## AIM OF THE TASK
All lines from the opening of the entries below through the line containing "have : S \subset inr @: [set: 'I_k.+1]." must be output exactly as they appear, with no other lines.

[Saved entries]
Lemma k_sparse_join_card p k (S : {set 'I_p + 'I_k.+1}) :
  k_sparse (sum_rel true (complete_rel 'I_p) (empty_rel 'I_k.+1)) k S -> #|S| <= k.+1.
Proof.
move=> sS; case: (pickP (fun a => inl a \in S)) => [a aS | noK].
  rewrite (cardsD1 (inl a) S) aS ltnS; apply: leq_trans (sS _ aS).
  apply/subset_leq_card/subsetP => y; rewrite !inE => /andP [yNa yS].
  by rewrite yS; case: y yNa {yS} => // b; rewrite eq_sym (inj_eq (@inl_inj _ _)).
have : S \subset inr @: [set: 'I_k.+1].
  by apply/subsetP => -[a | b] yS; [rewrite noK in yS | rewrite imset_f].
move/subset_leq_card/leq_trans; apply.
by apply: leq_trans (leq_imset_card _ _) _; rewrite cardsT card_ord.
Qed.

Definition ramsey_extension (T : finType) (e : rel T) p k :=
  sum_rel false e (sum_rel true (complete_rel 'I_p) (empty_rel 'I_k.+1)).
Arguments ramsey_extension {T} e p k.

Section RamseyExtension.

Variables (T : finType) (e : rel T) (p k : nat).

Let E := ramsey_extension e p k.

Lemma ramsey_extension_no_dense i : p + k + 2 <= i ->
  ~ has_dense_set e k i -> ~ has_dense_set E k i.
Proof.
move=> le_i noD [S [cardS dS]].
pose K : {set T + ('I_p + 'I_k.+1)} := [set inr (inl a) | a : 'I_p].
have card_K : #|K| <= p by rewrite (leq_trans (leq_imset_card _ _)) ?card_ord.
have no_apex y : y \in S -> (forall z, z \in S -> z \notin K -> z != y -> ~~ E y z) -> False.
  move=> yS nonadj.
  pose N := [set z in S | (z != y) && ~~ E y z].
  have cover : S \subset N :|: K :|: [set y].
    apply/subsetP => z zS; rewrite !inE zS /=.
    case: eqVneq => [_ | zNy] /=; rewrite ?orbT ?orbF //.
    by case: (boolP (z \in K)) => zK; rewrite ?orbT // nonadj.
  have [leU1 _] := leq_card_setU (N :|: K) [set y].
  have [leU2 _] := leq_card_setU N K.
  have : i <= k + p + 1.
    rewrite -cardS (leq_trans (subset_leq_card cover)) //.
    rewrite (leq_trans leU1) // cards1 leq_add2r.
    exact: leq_trans leU2 (leq_add (dS y yS) card_K).
  lia.
(* The apex is taken in the independent part of H if S meets it, else in the clique. *)
case: (pickP (fun b => inr (inr b) \in S)) => [b bS | noI].
  by apply: (no_apex _ bS) => -[g | [a | b']] // _; rewrite imset_f.
case: (pickP (fun a => inr (inl a) \in S)) => [a aS | noK].
  by apply: (no_apex _ aS) => -[g | [a' | b]] //; rewrite ?imset_f ?noI.
have defS : S = inl @: (inl @^-1: S).
  apply/setP => -[g | [a | b]].
  - by rewrite mem_imset ?inE //; apply: inl_inj.
  - by apply/idP/imsetP => [| [] //]; rewrite noK.
  - by apply/idP/imsetP => [| [] //]; rewrite noI.
apply: noD; exists (inl @^-1: S); split.
  by rewrite -cardS {2}defS card_imset //; apply: inl_inj.
by apply/(k_dense_imset E k (@inl_inj _ _)); rewrite -defS.
Qed.

Lemma ramsey_extension_no_sparse j :
  ~ has_sparse_set e k j -> ~ has_sparse_set E k (j + k + 1).
Proof.
move=> noS [S [cardS sS]].
have card_right : #|inr @^-1: S| <= k.+1.
  apply/k_sparse_join_card/(k_sparse_imset E k (@inr_inj _ _)).
  by apply: k_sparse_subset sS; apply/subsetP => _ /imsetP [w + ->]; rewrite inE.
have card_left : j <= #|inl @^-1: S|.
  rewrite -(leq_add2r k.+1) addnS -addn1 -cardS card_sum_set.
  exact: leq_add (leqnn _) card_right.
have [B sB cardB] := subset_of_card card_left.
apply: noS; exists B; split=> //.
apply/(k_sparse_imset E k (@inl_inj _ _)); apply: k_sparse_subset sS.
by apply/subsetP => _ /imsetP [g /(subsetP sB) + ->]; rewrite inE.
Qed.

Lemma ramsey_extension_counterexample i j : p + k + 2 <= i ->
  co_ramsey_counterexample e k i j -> co_ramsey_counterexample E k i (j + k + 1).
Proof.
move=> le_i [simple co noD noS]; split.
- apply: sum_rel_simple => //; apply: sum_rel_simple.
  + exact: complete_rel_simple.
  + exact: empty_rel_simple.
- apply: sum_rel_cograph => //; apply: sum_rel_cograph.
  + exact: complete_rel_cograph.
  + exact: empty_rel_cograph.
- exact: ramsey_extension_no_dense.
- exact: ramsey_extension_no_sparse.
Qed.

End RamseyExtension.

Theorem lemma7p5 (k i j : nat) :
  k + 2 <= i -> k + 2 <= j ->
  (i - 1) + R_CO k i (j - k - 1) <= R_CO k i j.
Proof.
move=> le_i le_j; set j' := j - k - 1.
have R_gt0 : 0 < R_CO k i j' by apply: R_CO_gt0; lia.
have [e ce] := R_CO_counterexample R_gt0.
have /R_CO_gt_card : co_ramsey_counterexample (ramsey_extension e (i - k - 2) k) k i j.
  have -> : j = j' + k + 1 by rewrite /j'; lia.
  by apply: ramsey_extension_counterexample => //; lia.
by rewrite !card_sum !card_ord; lia.
Qed.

## TASK ANSWER
Lemma k_sparse_join_card p k (S : {set 'I_p + 'I_k.+1}) :
  k_sparse (sum_rel true (complete_rel 'I_p) (empty_rel 'I_k.+1)) k S -> #|S| <= k.+1.
Proof.
move=> sS; case: (pickP (fun a => inl a \in S)) => [a aS | noK].
  rewrite (cardsD1 (inl a) S) aS ltnS; apply: leq_trans (sS _ aS).
  apply/subset_leq_card/subsetP => y; rewrite !inE => /andP [yNa yS].
  by rewrite yS; case: y yNa {yS} => // b; rewrite eq_sym (inj_eq (@inl_inj _ _)).
have : S \subset inr @: [set: 'I_k.+1].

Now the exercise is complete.